*Goal of the exercise*:
Output range, inclusive: from the line containing "by case/orP =>" to the line containing "if i == o0 then". Restate those lines from the data below word for word and only those.
[Study material — start]
Lemma commute_w0_gen i : commute w0 (gen i).
Proof.
have -> : gen i = word_prod [:: i] by rewrite word_prod_cons word_prod_nil mulg1.
rewrite /commute w0.unlock -!word_prod_cat.
by apply: word_graph_prod; case: (letter_cases i) => ->; vm_compute.
Qed.

(* The signed unit vectors occurring in the fundamental weight of node k: they form a set fixed
   by every simple reflection but [gen k]. *)
Definition weight_support (k : 'I_4) : seq Ts :=
  match val k with
  | 0 => [:: (o0, true)]
  | 1 => [:: (o0, true); (o1, true)]
  | 2 => [:: (o0, true); (o1, true); (o2, true); (o3, false)]
  | _ => [:: (o0, true); (o1, true); (o2, true); (o3, true)]
  end.

Lemma weight_support_stable : all (fun k => all (fun j => (j == k) ||
    all (fun x => (gen_fun j x \in weight_support k) == (x \in weight_support k)) signed_units)
  letters) letters.
Proof. by vm_compute. Qed.

Lemma weight_support_moved :
  all (fun k => has (fun x => (gen_fun k x \in weight_support k) != (x \in weight_support k))
                    signed_units) letters.
Proof. by vm_compute. Qed.

Lemma gen_notin_WK k : gen k \notin WK (~: [set k]).
Proof.
pose S := [set x | x \in weight_support k].
have stabS : WK (~: [set k]) \subset 'N(S | 'P).
  rewrite gen_subG; apply/subsetP => p /imsetP [j]; rewrite in_setC1 => jk ->.
  apply/astabsP => x; rewrite /= apermE genE !inE.
  have /allP/(_ j (mem_letters j)) := allP weight_support_stable k (mem_letters k).
  by rewrite (negbTE jk) => /allP/(_ x (mem_signed_units x))/eqP.
apply/negP => /(subsetP stabS)/astabsP stab_k.
have /hasP [x _] := allP weight_support_moved k (mem_letters k).
by move: (stab_k x); rewrite /= apermE genE !inE => ->; rewrite eqxx.
Qed.

Definition W023_words := span_words [:: o0; o2; o3] 3.

Lemma W023_words_closed : closed_words [:: o0; o2; o3] W023_words.
Proof. by vm_compute. Qed.

Lemma W023_word w : w \in WK (~: [set o1]) -> exists2 s, s \in W023_words & w = word_prod s.
Proof. by apply: WK_words W023_words_closed _ => i; rewrite !inE; case: (letter_cases i) => ->. Qed.

Definition cycle3 (a b c i : 'I_4) : 'I_4 :=
  if i == a then b else if i == b then c else if i == c then a else i.

(* For some non-central node i, one of the moves δ ↦ s_i δ s_(rho i) (two ascents) or
   δ ↦ δ s_(rho i) (a descent on the left, an ascent on the right) lengthens δ = word_prod s;
   [ascent_move] and [descent_move] realise them by chambers. *)
Definition improvable (rho : 'I_4 -> 'I_4) (s : seq 'I_4) : bool :=
  has (fun i =>
    (len (word_fun (i :: s)) == (len (word_fun s)).+1) &&
      (len (word_fun (rcons (i :: s) (rho i))) == (len (word_fun (i :: s))).+1) ||
    (len (word_fun (i :: s)) < len (word_fun s)) &&
      (len (word_fun (rcons s (rho i))) == (len (word_fun s)).+1))
  [:: o0; o2; o3].

Lemma improvable_word rho s w : w = word_prod s -> improvable rho s -> exists2 i, i != o1 &
  (len (gen i * w) = (len w).+1 /\ len (gen i * w * gen (rho i)) = (len (gen i * w)).+1) \/
  (len (gen i * w) < len w /\ len (w * gen (rho i)) = (len w).+1).
Proof.
move=> ->; case/hasP => i i023 imp; exists i.
  by move: i023; rewrite !inE; case/or3P => /eqP ->.
move: imp; rewrite -(len_word s) -(len_word (i :: s)).
rewrite -(len_word (rcons s _)) -(len_word (rcons (i :: s) _)).
rewrite !word_prod_rcons word_prod_cons.
by case/orP => [/andP [/eqP lenL /eqP lenR] | /andP [lenL /eqP lenR]]; [left | right].
Qed.

Definition coset_improvable (rho : 'I_4 -> 'I_4) : bool :=
  all (fun s => (s == [::]) || improvable rho (w0_word ++ s)) W023_words.

Lemma coset_improvable_cycles :
  coset_improvable (cycle3 o0 o2 o3) && coset_improvable (cycle3 o0 o3 o2).
Proof. by vm_compute. Qed.

Definition fun_of3 (a b c i : 'I_4) : 'I_4 :=
  if i == o0 then a else if i == o2 then b else if i == o3 then c else i.

Lemma order3_fixing_o1 : all (fun a => all (fun b => all (fun c => let f := fun_of3 a b c in
  [&& uniq [:: a; o1; b; c] & all (fun i => f (f (f i)) == i) letters] ==>
  [|| all (fun i => f i == i) letters, all (fun i => f i == cycle3 o0 o2 o3 i) letters
    | all (fun i => f i == cycle3 o0 o3 o2 i) letters]) letters) letters) letters.
Proof. by vm_compute. Qed.

(** * Buildings of type D4 *)

Section Building.
Variables (T : Type) (d : T -> T -> {perm Ts}).
Hypothesis dB : is_building d.

Lemma dist_W C D : d C D \in WD4.
Proof. by case: dB. Qed.

Lemma dist_eq1 C D : d C D = 1 <-> C = D.
Proof. by case: dB. Qed.

Lemma dist_refl C : d C C = 1.
Proof. exact/dist_eq1. Qed.

Lemma dist_genL C C' D i : d C' C = gen i -> d C' D = gen i * d C D \/ d C' D = d C D.
Proof. by case: dB => _ _ _ WD2 _ /(WD2 _ _ D) []. Qed.

Lemma dist_genL_len C C' D i : d C' C = gen i -> len (gen i * d C D) = (len (d C D)).+1 ->
  d C' D = gen i * d C D.
Proof.
case: dB => _ _ _ WD2 _ /(WD2 _ _ D) [_ WD2b] lenS; apply: WD2b (coxlen_len (dist_W C D)) _.
by rewrite -lenS; apply: coxlen_len; rewrite groupM ?gen_W ?dist_W.
Qed.

Lemma exists_genL C D i : exists C', d C' C = gen i /\ d C' D = gen i * d C D.
Proof. by case: dB => _ _ _ _; apply. Qed.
[Study material — finish]
*Solution for this problem*:
by case/orP => [/andP [/eqP lenL /eqP lenR] | /andP [lenL /eqP lenR]]; [left | right].
Qed.

Definition coset_improvable (rho : 'I_4 -> 'I_4) : bool :=
  all (fun s => (s == [::]) || improvable rho (w0_word ++ s)) W023_words.

Lemma coset_improvable_cycles :
  coset_improvable (cycle3 o0 o2 o3) && coset_improvable (cycle3 o0 o3 o2).
Proof. by vm_compute. Qed.

Definition fun_of3 (a b c i : 'I_4) : 'I_4 :=
  if i == o0 then a else if i == o2 then b else if i == o3 then c else i.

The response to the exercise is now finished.